The goal of creating a nursing concept map is to create a plan of care for a child with bronchiolitis. The nursing interventions would reflect the underlying respiratory syncytial virus with patent ductus arteriosus (PDA) history.

Enhancing Quality And Safety

Enhancing Quality And Safety

Competency

Apply the foundations of pediatric nursing when caring for clients with health alterations.

Scenario

You are working in a large urban pediatric clinic after hours.

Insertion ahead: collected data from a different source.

Lemma Zp_oppr1_neq1 p : (2 < p.+2)%N -> (-1 : 'Z_p.+2) != 1.
Proof.
move=> p_gt2; rewrite eq_sym -subr_eq0 opprK -[1 + 1]/(2%:R) Zp_nat_eq0.
by rewrite gtnNdvd.
Qed.

Definition fiber_mass p (q : 'Z_p.+2 -> rat) (x j : 'Z_p.+2) : rat :=
  \sum_(k | k * x == j) q k.

Section FiberMass.
Variables (p : nat) (q : 'Z_p.+2 -> rat).

Lemma sum_fiber_mass x : \sum_j fiber_mass q x j = \sum_k q k.
Proof. by rewrite [RHS](partition_big (fun k => k * x) predT). Qed.

Lemma fiber_mass_unit x j : x \is a GRing.unit -> fiber_mass q x j = q (j / x).
Proof.
move=> x_unit; rewrite /fiber_mass (big_pred1 (j / x)) // => k /=.
by rewrite (can2_eq (mulrK x_unit) (divrK x_unit)).
Qed.

Lemma fiber_mass0 j : fiber_mass q 0 j = if j == 0 then \sum_k q k else 0.
Proof.
rewrite /fiber_mass; case: eqP => [-> | /eqP j0].
  by apply: eq_bigl => k; rewrite mulr0 eqxx.
by rewrite big_pred0 // => k; rewrite mulr0 eq_sym (negPf j0).
Qed.

Lemma fourier_fiber_massE (R : realType) x :
  fourier (fun k => ratr (q k) : R) x =
  \sum_j ratr (fiber_mass q x j) * omega R p.+2 ^+ j.
Proof.
have omega_mod (k : 'Z_p.+2) :
    omega R p.+2 ^+ (k * x)%N = omega R p.+2 ^+ (k * x)%R.
  by rewrite -(expr_mod _ (omega_order R (ltn0Sn p.+1))).
rewrite /fourier (partition_big (fun k => k * x) predT) //=.
apply: eq_bigr => j _; rewrite rmorph_sum mulr_suml.
by apply: eq_bigr => k /eqP <-; rewrite omega_mod mulrC (fmorph_rat (real_complex R)).
Qed.

Lemma fourier_eq_fiber_mass (R : realType) x y : prime p.+2 -> (2 < p.+2)%N ->
  fourier (fun k => ratr (q k) : R) x = fourier (fun k => ratr (q k) : R) y ->
  fiber_mass q x =1 fiber_mass q y.
Proof.
move=> p_prime p_gt2; rewrite !fourier_fiber_massE => /eqP.
rewrite -subr_eq0 -sumrB => /eqP rel.
pose c i := fiber_mass q x (inord i) - fiber_mass q y (inord i).
have c_rel : \sum_(i < p.+2) ratr (c i) * omega R p.+2 ^+ i = 0.
  by rewrite -[RHS]rel; apply: eq_bigr => j _; rewrite /c inord_val rmorphB mulrBl.
have c_const := rat_relation_unity_root p_prime (omega_order R (ltn0Sn _))
  (omega_neq1 R p_gt2) c_rel.
have c0 : c 0%N = 0.
  have : \sum_(j < p.+2) c j = 0.
    rewrite sumrB; under eq_bigr do rewrite inord_val.
    by under [X in _ - X]eq_bigr do rewrite inord_val; rewrite !sum_fiber_mass subrr.
  rewrite (eq_bigr (fun _ => c 0%N)) => [|j _]; last by rewrite c_const.
  by rewrite sumr_const card_ord => /eqP; rewrite mulrn_eq0 => /eqP.
move=> j; apply/eqP; rewrite -subr_eq0.
by have := c_const j (ltn_ord j); rewrite c0 /c inord_val => ->.
Qed.

Lemma fiber_mass_eq_dilation x y : prime p.+2 -> (2 < p.+2)%N -> x != y ->
  fiber_mass q x =1 fiber_mass q y ->
  exists m, [/\ m \is a GRing.unit, m != 1 & forall k, q (m * k) = q k].
Proof.
move=> p_prime p_gt2.
wlog x0 : x y / x != 0 => [sym|].
  have [-> | x0] := eqVneq x 0; last exact: sym.
  by move=> yx fxy; apply: (sym y 0); rewrite 1?eq_sym // => j; rewrite fxy.
move=> xy fxy; have x_unit := Zp_prime_unit p_prime x0.
have [y0 | y0] := eqVneq y 0.
  have qE k : q k = if k == 0 then \sum_i q i else 0.
    have := fxy (k * x); rewrite fiber_mass_unit // mulrK // y0 fiber_mass0.
    by rewrite mulIr_eq0 //; apply: mulIr.
  exists (-1); split; [exact: unitrN1 | exact: Zp_oppr1_neq1 |].
  by move=> k; rewrite !qE mulN1r oppr_eq0.
have y_unit := Zp_prime_unit p_prime y0.
exists (y / x); split.
- by rewrite unitrM y_unit unitrV x_unit.
- by apply: contraNneq xy => /(canRL (divrK x_unit)); rewrite mul1r => ->.
- move=> k; have := fxy (k * y); rewrite !fiber_mass_unit // mulrK // => <-.
  by rewrite mulrC mulrA.
Qed.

A mother brings her 6-month-old daughter, Vivi Mitchell, to the clinic for rhinorrhea, congestion, fever, and cough. Upon assessment, you identify the child has to wheeze upon auscultation and on inspection, you identify retractions.

  • The child is in less than the 10th percentile of weight and has a cardiac history of Patent Ductus Arteriosus (PDA).
  • Born at 36 weeks gestation.
  • The mother states this child doesn’t go to daycare but her two other children ages 2 and 3 do attend daycare.
  • T- 102.1 HR 140 RR 40 BP 83/58 Pulse ox 96%
  • A swab for the respiratory syncytial virus (RSV) is positive.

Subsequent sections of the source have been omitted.